Diplomatic payoff

November 16, 2005

With the Bush administration under attack in several corners of the world, an agreement reached in Jerusalem yesterday provided the president and his secretary of state with a bona fide foreign policy achievement. No small feat, given the subject: Palestinian control of the Gaza-Egyptian border. Determined to settle this thorny issue that has stalled since Israel's withdrawal from the Gaza Strip two months ago, Secretary of State Condoleezza Rice delayed her trip to Asia to hammer out the deal. The outcome underscores the need for greater U.S. involvement in settling long-standing disputes between Israel and the Palestinian Authority.

The border dispute carried great significance for both sides. After the Israeli withdrawal, Palestinians were convinced they would remain imprisoned in the Gaza Strip with no access to the outside world. Israelis had grave concerns that Palestinian control of the Egyptian border would leave Israel vulnerable to security threats. The agreement addresses both concerns.

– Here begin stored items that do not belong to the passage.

(* The liminf [F x = liminf s_n f(T^n x)] is measurable and, [s] being
   eventually nondecreasing, [F (T x) <= F x]; as [T] preserves [mu], [F] is
   then constant along almost every orbit.  Fix [c > 1] with [c s_m <= s_2m]
   for large [m], and [theta < 1 < c theta].  If [0 < F x = r < oo], there are
   arbitrarily late times [n] with [s_n f(T^n x) < c theta r]; for every [j] in
   a window of length about [n/2] ending at [n - K], the point [T^j x] (where
   [F] is still [r]) then dips below [theta F] at the time [n - j >= K].  So
   [x] enters, after a delay at most three times its length, a run of visits to
   the set [D K] of points dipping below [theta F] at some time [>= K].
   Counting such runs along orbits and integrating against the invariant
   measure bounds the measure of these [x] by [4 mu (D K)], which tends to [0]
   as [D K] decreases to the empty set. *)

Lemma sum_nat_bool_le (P : pred nat) a b : \sum_(a <= i < b) P i <= b - a.
Proof. by rewrite -[b - a]muln1 -sum_nat_const_nat leq_sum // => i _; case: (P i). Qed.

(* Each start [i] is charged to the run it opens: the at most [r + l <= 4 l]
   starts up to the end of that run cost at most four times its length. *)
Lemma sum_run_starts_le (P Q : pred nat) (M : nat) :
  (forall i, P i -> exists r l, [/\ 0 < l, r <= 3 * l, r + l <= M &
      forall j, r <= j < r + l -> Q (i + j)]) ->
  forall t N, \sum_(t <= i < N) P i <= 4 * \sum_(t <= j < N + M) Q j.
Proof.
move=> runs t N; have [k] := ubnP (N - t); elim: k t => // k IH t.
rewrite ltnS => Ntk.
have [Nt|tN] := leqP N t; first by rewrite big_geq.
have [Pt|nPt] := boolP (P t); last first.
  rewrite big_ltn // (negbTE nPt) add0n (big_ltn (ltn_addr _ tN)) mulnDr.
  by rewrite (leq_trans (IH t.+1 _)) ?leq_addl //; lia.
have [r [l [l0 rl rlM Qrun]]] := runs t Pt.
set u := t + r + l.
have tu : t <= u by rewrite /u; lia.
have uNM : u <= N + M by rewrite /u; lia.
have Qu : l <= \sum_(t <= j < u) Q j.
  rewrite (big_cat_nat (leq_addr r t)) ?leq_addr //=; apply: leq_trans (leq_addl _ _).
  rewrite (eq_big_nat _ _ (F2 := fun=> 1)) ?sum_nat_const_nat; first by rewrite /u; lia.
  by move=> j /andP[j1 j2]; rewrite -(subnKC (leq_trans (leq_addr r t) j1)) Qrun //; lia.
have [uN|Nu] := leqP u N.
  rewrite (big_cat_nat tu uN) (big_cat_nat tu uNM) mulnDr leq_add ?IH //=.
    by apply: leq_trans (sum_nat_bool_le _ _ _) _; move: Qu; rewrite /u; lia.
  by rewrite /u; lia.
apply: leq_trans (sum_nat_bool_le _ _ _) _.
rewrite (big_cat_nat tu uNM) /=; move: Qu; rewrite /u in Nu *; lia.
Qed.

Lemma half_window n K : 4 * K <= n -> 0 < K ->
  exists r l, [/\ 0 < l, r <= 3 * l, r + l <= n &
    forall j, r <= j < r + l -> K <= n - j /\ (n - j).*2 <= n].
Proof.
move=> Kn K0; have := odd_double_half n; have : odd n <= 1 by case: (odd n).
rewrite -!muln2 => odd1 nE.
exists (n - n./2), (n./2 - K).+1; split; [by []|lia|lia|] => j /andP[j1 j2].
by rewrite -muln2; split; lia.
Qed.

Lemma eventually_nondecreasing_le (R : numDomainType) (s : nat -> R) N0 :
  (forall n, N0 <= n -> (s n <= s n.+1)%R) ->
  forall m n, N0 <= m -> m <= n -> (s m <= s n)%R.
Proof.
move=> inc m n Nm /subnK <-; elim: (n - m) => [|k IH]; rewrite ?add0n // addSn.
by apply: le_trans IH (inc _ _); rewrite (leq_trans Nm) ?leq_addl.
Qed.

Local Open Scope classical_set_scope.
Local Open Scope ring_scope.

Lemma ler_natmul_shift (R : archiRealFieldType) (a b : R) (M : nat) :
  (forall N, a *+ N <= b *+ (N + M)) -> a <= b.
Proof.
move=> le_ab; rewrite leNgt; apply/negP => ba.
set N := (Num.truncn (b *+ M / (a - b))).+1.
have := truncnS_gt (b *+ M / (a - b)); rewrite -/N ltr_pdivrMr ?subr_gt0 //.
have := le_ab N; rewrite mulrnDr -lerBlDl -mulrnBl.
by move=> h1 h2; have := le_lt_trans h1 h2; rewrite mulr_natl ltxx.
Qed.

Section ereal_facts.
Context {R : realType}.
Local Open Scope ereal_scope.
Implicit Types (u v : (\bar R)^nat) (a b : \bar R).

Lemma ereal_rat_between {a b} : a < b -> exists q : rat, a < (ratr q)%:E < b.
Proof.
have Q (x y : R) : (x < y)%R -> exists q : rat, x%:E < (ratr q)%:E < y%:E.
  by move=> /rat_in_itvoo[q]; rewrite in_itv /= => qxy; exists q; rewrite !lte_fin.
case: a b => [a||] [b||] //= ab.
- by apply: Q; rewrite -lte_fin.
- have [|q /andP[aq _]] := Q a (a + 1)%R; first by lra.
  by exists q; rewrite aq ltry.
- have [|q /andP[_ qb]] := Q (b - 1)%R b; first by lra.
  by exists q; rewrite qb ltNyr.
- by exists 0%R; rewrite ltNyr ltry.
Qed.

Lemma ereal_pos_fin a : 0 < a < +oo -> exists2 r : R, (0 < r)%R & a = r%:E.
Proof.
move=> /andP[a0 ay]; have afin : a \is a fin_num by rewrite ge0_fin_numE ?ltW.
by exists (fine a); rewrite ?fineK // -lte_fin fineK.
Qed.

Lemma limn_einfE u : limn_einf u = ereal_sup (range (einfs u)).
Proof. by rewrite limn_einf_lim; apply/cvg_lim => //; exact: cvg_einfs_sup. Qed.

Lemma limn_einf_lt {u a} : limn_einf u < a ->
  forall K, exists2 m, (K <= m)%N & u m < a.
Proof.
rewrite limn_einfE => ua K; have : einfs u K < a.
  by apply: le_lt_trans ua; apply: ereal_sup_ubound; exists K.
by move=> /ereal_inf_lt[_ [m /= Km <-] uma]; exists m.
Qed.

Lemma lt_limn_einf {u a} : a < limn_einf u ->
  exists K, forall m, (K <= m)%N -> a < u m.
Proof.
rewrite limn_einfE => /ereal_sup_gt[_ [K _ <-] aK]; exists K => m Km.
by apply: lt_le_trans aK _; apply: ereal_inf_lbound; exists m.
Qed.

Lemma limn_einf_ge u a N : (forall n, (N <= n)%N -> a <= u n) ->
  a <= limn_einf u.
Proof.
move=> au; rewrite limn_einfE; apply: (@le_trans _ _ (einfs u N)).
  by apply: le_ereal_inf_tmp => _ [n /= Nn <-]; exact: au.
by apply: ereal_sup_ubound; exists N.
Qed.

Lemma limn_einf_le_shift u v N :
  (forall n, (N <= n)%N -> u n <= v n.+1) -> limn_einf u <= limn_einf v.
Proof.
move=> uv; rewrite !limn_einfE; apply: ge_ereal_sup => _ [K _ <-].
apply: le_trans (nondecreasing_einfs u (leq_maxl K N)) _.
apply: (@le_trans _ _ (einfs v (maxn K N).+1)); last first.
  by apply: ereal_sup_ubound; exists (maxn K N).+1.
apply: le_ereal_inf_tmp => _ [[|k] //= Kk <-].
apply: le_trans (uv _ (leq_trans (leq_maxr K N) Kk)).
by apply: ereal_inf_lbound; exists k.
Qed.

Lemma preimage_0y_setC (T : Type) (F : T -> \bar R) : (forall x, 0 <= F x) ->
  F @^-1` [set 0; +oo] = ~` (F @^-1` `]0%E, +oo%E[).
Proof.
move=> F0; apply/seteqP; split => x /=; rewrite in_itv /=.
  by move=> [->|->]; rewrite ltxx ?andbF.
move/negP; rewrite lt_neqAle F0 ltey andbT negb_and !negbK => /orP[/eqP <-|/eqP ->];
  by [left|right].
Qed.

End ereal_facts.

Lemma two_jumpy_jump {R : realType} {s : nat -> R} :
  (forall n, (0 < n)%N -> 0 < s n) -> two_jumpy s ->
  exists2 c, 1 < c & exists K0, forall m n,
    (K0 <= m)%N -> (m.*2 <= n)%N -> c * s m <= s n.
Proof.
move=> s_gt0 [[N0 s_nondecr] ratio].
have [q /andP[q1 qL]] := ereal_rat_between ratio.
have [K1 HK1] := lt_limn_einf qL.
exists (ratr q); first by rewrite -lte_fin.
exists (maxn (maxn K1 N0) 1) => m n Km mn.
have sm : 0 < s m by apply: s_gt0; lia.
have := HK1 m ltac:(lia).
rewrite lte_fin ltr_pdivlMr // => /ltW /le_trans; apply.
apply: eventually_nondecreasing_le s_nondecr _ _ _ mn.
by rewrite -addnn; lia.
Qed.

Lemma measurable_iter {d} {X : measurableType d} {T : X -> X} :
  measurable_fun setT T -> forall n, measurable_fun setT (iter n T).
Proof. by move=> mT; elim=> [|n IH]; [exact: measurable_id|exact: measurableT_comp mT IH]. Qed.

Definition runs_upto {X : Type} (T : X -> X) (D : set X) (M : nat) : set X :=
  \bigcup_r \bigcup_(l in [set l | [/\ (0 < l)%N, (r <= 3 * l)%N & (r + l <= M)%N]])
    \bigcap_(j in [set j | (r <= j < r + l)%N]) (iter j T @^-1` D).

Definition runs {X : Type} (T : X -> X) (D : set X) : set X :=
  \bigcup_M runs_upto T D M.

Definition orbit_liminf {X : Type} {R : realType} (s : nat -> R)
    (f : X -> \bar R) (T : X -> X) (x : X) : \bar R :=
  limn_einf (fun n => ((s n)%:E * f (iter n T x))%E).

Section measure_preserving_iter.
Context {d : measure_display} {X : measurableType d} {R : realType}.
Context {mu : {finite_measure set X -> \bar R}} {T : X -> X}.
Hypothesis hT : measure_preserving mu T.
Local Open Scope ereal_scope.

Lemma measurable_preimage A : measurable A -> measurable (T @^-1` A).
Proof. by move=> mA; rewrite -[_ @^-1` _]setTI; exact: hT.1. Qed.

Lemma measurable_preimage_iter n A : measurable A -> measurable (iter n T @^-1` A).
Proof. by move=> mA; rewrite -[_ @^-1` _]setTI; exact: measurable_iter hT.1 n _ _ mA. Qed.

Lemma measure_preimage_iter n A : measurable A -> mu (iter n T @^-1` A) = mu A.
Proof.
elim: n A => // n IH A mA.
rewrite (_ : _ @^-1` _ = iter n T @^-1` (T @^-1` A)) // IH ?hT.2 //.
exact: measurable_preimage.
Qed.

Lemma negligible_preimage_iter n A :
  mu.-negligible A -> mu.-negligible (iter n T @^-1` A).
Proof.
move=> [B [mB B0 AB]]; exists (iter n T @^-1` B); split.
- exact: measurable_preimage_iter.
- by rewrite measure_preimage_iter.
- by move=> x /AB.
Qed.

Lemma negligible_drop (F : X -> \bar R) : measurable_fun setT F ->
  (forall x, F (T x) <= F x) -> mu.-negligible [set x | F (T x) < F x].
Proof.
move=> mF FT.
(* [U n] ranges over the sublevel sets [F < q], [q] rational (enumerated by
   [unpickle]); [T] maps each into itself, so each is invariant up to a null
   set. *)
pose U n := F @^-1` `]-oo, (ratr (odflt 0 (@unpickle rat n)))%:E[.
have mU n : measurable (U n) by rewrite -[U n]setTI; exact: mF (emeasurable_itv _).
apply: (negligibleS _ (negligible_bigcup (F := fun n => T @^-1` U n `\` U n) _)).
  move=> x /ereal_rat_between[q /andP[q1 q2]]; exists (pickle q) => //.
  by rewrite /U pickleK /= !in_itv /= q1 ltNge (ltW q2).
move=> n; have mTU : measurable (T @^-1` U n) := measurable_preimage _ (mU n).
apply/negligibleP; first exact: measurableD.
rewrite measureD // ?ltey_eq ?fin_num_measure // setIidr; last first.
  by move=> x; rewrite /U /= !in_itv /=; exact: le_lt_trans (FT x).
by rewrite [X in X - _](hT.2 _ (mU n)) subee // fin_num_measure.
Qed.

Lemma subinvariant_iter_ae (F : X -> \bar R) : measurable_fun setT F ->
  (forall x, F (T x) <= F x) ->
  mu.-negligible [set x | exists j, F (iter j T x) != F x].
Proof.
move=> mF FT; apply: (negligibleS _ (negligible_bigcup
  (fun j => negligible_preimage_iter j _ (negligible_drop _ mF FT)))).
move=> x [j]; elim: j => [|j IH]; first by rewrite eqxx.
have [Fj|/IH//] := eqVneq (F (iter j T x)) (F x).
by rewrite -Fj => Fj1; exists j => //=; rewrite lt_neqAle Fj1 FT.
Qed.

Lemma measurable_indic_iter n A : measurable A ->
  measurable_fun setT (fun x => (\1_A (iter n T x) : R)%:E).
Proof.
move=> mA; apply/measurable_EFinP.
apply: (@measurableT_comp _ _ _ _ _ _ (\1_A : X -> R)); first exact: measurable_indic.
exact: measurable_iter hT.1 n.
Qed.

Lemma integral_sum_indic_iter N A : measurable A ->
  \int[mu]_x (\sum_(i < N) (\1_A (iter i T x) : R)%:E) = mu A *+ N.
Proof.
move=> mA; have indic0 i x : setT x -> 0 <= (\1_A (iter i T x) : R)%:E.
  by rewrite lee_fin indicE.
rewrite (ge0_integral_sum mu measurableT (I := 'I_N)
  (fun i => measurable_indic_iter i _ mA) (fun i => indic0 i)).
rewrite (eq_bigr (fun=> mu A)) ?sumr_const ?card_ord // => i _.
have -> : (fun x => (\1_A (iter i T x) : R)%:E) = (fun x => (\1_(iter i T @^-1` A) x)%:E) by [].
have mAi : measurable (iter i T @^-1` A) := measurable_preimage_iter i _ mA.
by rewrite integral_indic // setIT; exact: measure_preimage_iter.
Qed.

Lemma measurable_runs_upto D M : measurable D -> measurable (runs_upto T D M).
Proof.
move=> mD; apply: bigcup_measurable => r _; apply: bigcup_measurable => l [l0 _ _].
apply: bigcap_measurable => [|j _]; last exact: measurable_preimage_iter.
by exists r; rewrite /= leqnn -{1}[r]addn0 ltn_add2l.
Qed.

Lemma sum_indic_iter_le_runs D M N x :
  (\sum_(i < N) (\1_(runs_upto T D M) (iter i T x) : R)
    <= 4 * \sum_(j < N + M) (\1_D (iter j T x) : R))%R.
Proof.
under eq_bigr do rewrite indicE; under [X in (_ <= 4 * X)%R]eq_bigr do rewrite indicE.
rewrite -!natr_sum -natrM ler_nat.
have := sum_run_starts_le (fun i => iter i T x \in runs_upto T D M)
  (fun j => iter j T x \in D) M _ 0 N.
rewrite !big_mkord; apply => i; rewrite inE => -[r _ [l [l0 rl rlM] Dr]].
by exists r, l; split => // j rj; rewrite inE addnC iterD; exact: Dr.
Qed.

Lemma measure_runs_upto_le D M : measurable D ->
  mu (runs_upto T D M) <= 4%:E * mu D.
Proof.
move=> mD; set Z := runs_upto T D M; have mZ : measurable Z := measurable_runs_upto D M mD.
have count N : mu Z *+ N <= 4%:E * (mu D *+ (N + M)).
  rewrite -!integral_sum_indic_iter // -ge0_integralZl_EFin //; last first.
  - by apply: emeasurable_sum => j; exact: measurable_indic_iter.
  - by move=> x _; apply: sume_ge0 => j _; rewrite lee_fin indicE.
  apply: ge0_le_integral => //.
  - by move=> x _; apply: sume_ge0 => i _; rewrite lee_fin indicE.
  - by apply: emeasurable_sum => i; exact: measurable_indic_iter.
  - by apply: measurable_funeM; apply: emeasurable_sum => j; exact: measurable_indic_iter.
  by move=> x _; rewrite !sumEFin -EFinM lee_fin sum_indic_iter_le_runs.
have fZ : mu Z \is a fin_num := fin_num_measure mu Z mZ.
have fD : mu D \is a fin_num := fin_num_measure mu D mD.
move: count fZ fD.
case: (mu Z) => [z| |] //; case: (mu D) => [w| |] // count _ _.
rewrite -EFinM lee_fin; apply: (@ler_natmul_shift _ _ _ M) => N.
by move: (count N); rewrite -!EFin_natmul -EFinM lee_fin mulrnAr.
Qed.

It will allow Palestinians to travel freely, develop the Gaza Strip with foreign aid and demonstrate their ability to secure the border. It provides Palestinian Authority President Mahmoud Abbas with tangible, life-improving benefits for his people, an important political asset for Mr. Abbas and his Fatah party in the run-up to the January parliamentary elections in which Hamas, the party of Islamic militants, is expected to make a credible showing.

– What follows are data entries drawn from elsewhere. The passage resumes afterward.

Definition fj (K : fieldType) (m : nat) (alpha : 'I_m -> K) (s : 'I_m -> K)
  (bm1 : K) (j : nat) : nat -> K :=
  pser_mul (foldr (@pser_mul K) (@pser_one K) [seq binser (s i) (alpha i) | i <- enum 'I_m])
    (pser_shift j.+1
       (FDser (bm1 + j.+1%:R) (fun i => 1 + s i) (bm1 + j.+2%:R) alpha)).

(* In the variable w = 1/z put U(w) = w^m a(1/w) = prod_i (1 - alpha_i w) and
   V(w) = w^(m-1) b(1/w); Lagrange interpolation at the alpha_i, with weights
   s_i = b(alpha_i)/a'(alpha_i), gives V = sum_i s_i prod_(l <> i) (1 - alpha_l w) and
   b_(m-1) = sum_i s_i. With theta = w d/dw one has L = w^(1-m) (U theta + V), so
   L f_j is a polynomial in z iff (U theta + V) f_j has degree < m in w.
   Now f_j = W G with W = prod_i (1 - alpha_i w)^(s_i), which satisfies
   U theta W + V W = b_(m-1) U W, and G = w^(j+1) sum_n A/(A+n) c_n w^n, where
   A = b_(m-1) + j + 1 and sum_n c_n w^n = prod_i (1 - alpha_i w)^(-1-s_i) = 1/(U W).
   Hence theta G + b_(m-1) G = A w^(j+1) / (U W), and (U theta + V) f_j = A w^(j+1)
   has degree j + 1 < m. Linear independence holds because f_j = w^(j+1) + O(w^(j+2)).
   All identities between power series are checked modulo w^M for every M. *)

From HB Require Import structures.
From mathcomp Require Import all_boot all_order all_algebra all_field.
From mathcomp Require Import ring zify.
Import Order.TTheory GRing.Theory Num.Theory.
Set Implicit Arguments. Unset Strict Implicit. Unset Printing Implicit Defensive.
Local Open Scope ring_scope.

Notation "p = q %[modX^ M ]" := ('X^M %| p - q)
  (at level 70, q at next level, format "p  =  q  %[modX^  M ]").

Section TruncatedPowerSeries.
Variable K : fieldType.
Implicit Types (p q r U V W G H : {poly K}) (f g : nat -> K).

Definition theta p := 'X * p^`().

Definition trunc_ser M f : {poly K} := \poly_(i < M) f i.

Lemma coef_theta p n : (theta p)`_n = p`_n *+ n.
Proof. by rewrite /theta coefXM; case: n => [|n] //=; rewrite coef_deriv. Qed.

Lemma thetaM p q : theta (p * q) = theta p * q + p * theta q.
Proof. by rewrite /theta derivM; ring. Qed.

Lemma eqmodXnP M p q :
  reflect (forall n, (n < M)%N -> p`_n = q`_n) (p = q %[modX^ M]).
Proof.
apply: (iffP (dvdpP _ _)) => [[r] | h].
  move/(canRL (subrK q)) => -> n hn.
  by rewrite coefD coefMXn hn add0r.
exists (drop_poly M (p - q)); rewrite -[LHS](poly_take_drop M).
suff -> : take_poly M (p - q) = 0 by rewrite add0r.
apply/polyP => n; rewrite coef_take_poly coef0 coefB.
by case: ifP => // /h ->; rewrite subrr.
Qed.

Lemma eqmodXn_refl M p : p = p %[modX^ M].
Proof. by rewrite subrr dvdp0. Qed.
#[local] Hint Resolve eqmodXn_refl : core.

Lemma eqmodXn_eq M p q : p = q -> p = q %[modX^ M].
Proof. by move=> ->. Qed.

Lemma eqmodXn_trans M q p r : p = q %[modX^ M] -> q = r %[modX^ M] -> p = r %[modX^ M].
Proof. by move=> hpq hqr; rewrite -(subrK q p) -addrA dvdp_add. Qed.

Lemma eqmodXnD M p p' q q' :
  p = p' %[modX^ M] -> q = q' %[modX^ M] -> p + q = p' + q' %[modX^ M].
Proof. by move=> hp hq; rewrite opprD addrACA dvdp_add. Qed.

Lemma eqmodXnM M p p' q q' :
  p = p' %[modX^ M] -> q = q' %[modX^ M] -> p * q = p' * q' %[modX^ M].
Proof.
move=> hp hq; have -> : p * q - p' * q' = (p - p') * q + p' * (q - q') by ring.
by apply: dvdp_add; [apply: dvdp_mulr | apply: dvdp_mull].
Qed.

Lemma eqmodXn_theta M p q : p = q %[modX^ M] -> theta p = theta q %[modX^ M].
Proof. by move/eqmodXnP=> h; apply/eqmodXnP => n hn; rewrite !coef_theta h. Qed.

Lemma eqmodXn_prod M (I : Type) (r : seq I) (P : pred I) (F G : I -> {poly K}) :
  (forall i, P i -> F i = G i %[modX^ M]) ->
  \prod_(i <- r | P i) F i = \prod_(i <- r | P i) G i %[modX^ M].
Proof. by move=> h; elim/big_ind2: _ => // *; apply: eqmodXnM. Qed.

Lemma eqmodXn_sum M (I : Type) (r : seq I) (P : pred I) (F G : I -> {poly K}) :
  (forall i, P i -> F i = G i %[modX^ M]) ->
  \sum_(i <- r | P i) F i = \sum_(i <- r | P i) G i %[modX^ M].
Proof. by move=> h; elim/big_ind2: _ => // *; apply: eqmodXnD. Qed.

Lemma coef_trunc_ser M f n : (n < M)%N -> (trunc_ser M f)`_n = f n.
Proof. by move=> hn; rewrite coef_poly hn. Qed.

Lemma trunc_ser_widen M N f : (M <= N)%N -> trunc_ser N f = trunc_ser M f %[modX^ M].
Proof. by move=> hMN; apply/eqmodXnP => n hn; rewrite !coef_trunc_ser //; lia. Qed.

Lemma trunc_ser_mul M f g :
  trunc_ser M (pser_mul f g) = trunc_ser M f * trunc_ser M g %[modX^ M].
Proof.
apply/eqmodXnP => n hn; rewrite coef_trunc_ser // coefM; apply: eq_bigr => -[k /= hk] _.
by rewrite !coef_trunc_ser //; lia.
Qed.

Israel, reluctant to give up control, was granted closed-circuit review of the border crossing and the ability to raise questions about travelers. If the agreement initiates an economic recovery in Gaza that brings jobs and progress, it could undercut Hamas' appeal to Palestinian voters, which would also benefit Israel.

Israeli Prime Minister Ariel Sharon may be engaged in his own election challenge. Mr. Sharon's coalition partner, Labor leader Shimon Peres, lost in a party election to a longtime union chief, Amir Peretz. Mr. Peretz has threatened to bolt Mr. Sharon's government unless new elections are called. A change in Israel's leadership at this time, depending on who won, could scuttle a resumption of peace talks with the Palestinians.

Palestinians must seize this new openness for Gaza and begin rebuilding the impoverished strip. Israelis should consider a new election to be a referendum on the peace process. Above all, the opportunity to move forward should not be lost.